Reversing the trend: For all the positive news coming out of HP’s Global Partner Conference, the fact remains that the last 12 months have been tough for the company, and it is down in every segment, including PSG (computers), services, imaging and printing, and ESSN (enterprise/storage/servers/networks). Source: Company Information.

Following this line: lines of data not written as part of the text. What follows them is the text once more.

Lemma complementary_slackness lam X al p :
  LP_feasible M X -> DLP_feasible M lam al p -> LP_obj M lam X = DLP_obj M al p ->
  forall i, lam i * delay_i M X i = \sum_k al i k * req M i k - pay_i i X p.
Proof.
move=> feasX feasD eq_obj i; have [t1 t2 t3] := LP_DLP_gap_terms_ge0 feasX feasD.
have sum_ge0 (I J : finType) (F : I -> J -> R) : (forall i j, 0 <= F i j) ->
    0 <= \sum_i \sum_j F i j by move=> F0; do 2!apply: sumr_ge0 => ? _.
have sum_eq0 (I J : finType) (F : I -> J -> R) : (forall i j, 0 <= F i j) ->
    \sum_i \sum_j F i j = 0 -> forall i j, F i j = 0.
  move=> F0 F00 i' j'; have row0 : \sum_j F i' j = 0.
    by apply: (psumr_eq0P _ F00) => // ? _; apply: sumr_ge0 => ? _.
  by apply: (psumr_eq0P _ row0).
have := LP_DLP_gap lam X al p; rewrite eq_obj subrr => gap0.
have s1 := sum_ge0 _ _ _ t1; have s2 := sum_ge0 _ _ _ t2.
have s3 : 0 <= \sum_j p j * (1 - \sum_i X i j) by apply: sumr_ge0 => ? _.
have z1 := sum_eq0 _ _ _ t1 ltac:(lra); have z2 := sum_eq0 _ _ _ t2 ltac:(lra).
rewrite pay_iE; transitivity (\sum_j (\sum_k coef M i j k * al i k * X i j - p j * X i j)).
  rewrite /delay_i mulr_sumr; apply: eq_bigr => j _.
  by have := z1 i j; rewrite -mulr_suml; lra.
rewrite sumrB; congr (_ - _); rewrite exchange_big /=; apply: eq_bigr => k _.
transitivity (al i k * \sum_j coef M i j k * X i j).
  by rewrite mulr_sumr; apply: eq_bigr => j _; ring.
by have := z2 i k; rewrite mulrBr; lra.
Qed.

Lemma eq_DLP_feasible lam1 lam2 al p : lam1 =1 lam2 ->
  DLP_feasible M lam1 al p -> DLP_feasible M lam2 al p.
Proof. by move=> eql [dual nn]; split => // i j; rewrite -eql. Qed.

Lemma DLP_feasible_scale lam s al p : 0 < s ->
  DLP_feasible M (fun i => s * lam i) al p ->
  DLP_feasible M lam (fun i k => al i k / s) (fun j => p j / s) /\
  DLP_obj M (fun i k => al i k / s) (fun j => p j / s) = DLP_obj M al p / s.
Proof.
move=> s0 [dual [al0 p0]]; split; [split; [|split]|].
- move=> i j; have := dual i j.
  have -> : \sum_k coef M i j k * (al i k / s) - p j / s =
            (\sum_k coef M i j k * al i k - p j) / s.
    by rewrite mulrBl mulr_suml; congr (_ - _); apply: eq_bigr => k _; rewrite mulrA.
  by move=> ?; rewrite ler_pdivrMr //; nra.
- by move=> i k; apply: divr_ge0 => //; exact: ltW.
- by move=> j; apply: divr_ge0 => //; exact: ltW.
rewrite /DLP_obj mulrBl !mulr_suml; congr (_ - _).
by apply: eq_bigr => i _; rewrite mulr_suml; apply: eq_bigr => k _; rewrite mulrA.
Qed.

In her call to investors, Whitman reiterated the strengths and assets the company has with which to rebuild, but she reminded her listeners that it really is a process and it will take years. HP is not alone. The entire computer business is rebuilding after a world recession and new form factors are being introduced that change the way we think about computing. The thin clients are an example, and so are new tablets coming out. HP fully intends to be there with products that take advantage of Windows 8, including Windows on ARM. PSG chief Todd Bradley said, “Wait until you see what we do with Windows 8. Wait until you see what we do with Windows on ARM.” These, too, are pieces of the puzzle made more powerful by HP’s network management technology, remote graphics software, products working in the cloud, and so forth.
It really is going to take time, and time might just be the one valuable commodity that HP doesn’t have a lot of. Meg Whitman’s real job going forward is to hold the faith of investors, HP’s board, and the HP employees while the company works to reclaim its position as an engineering leader.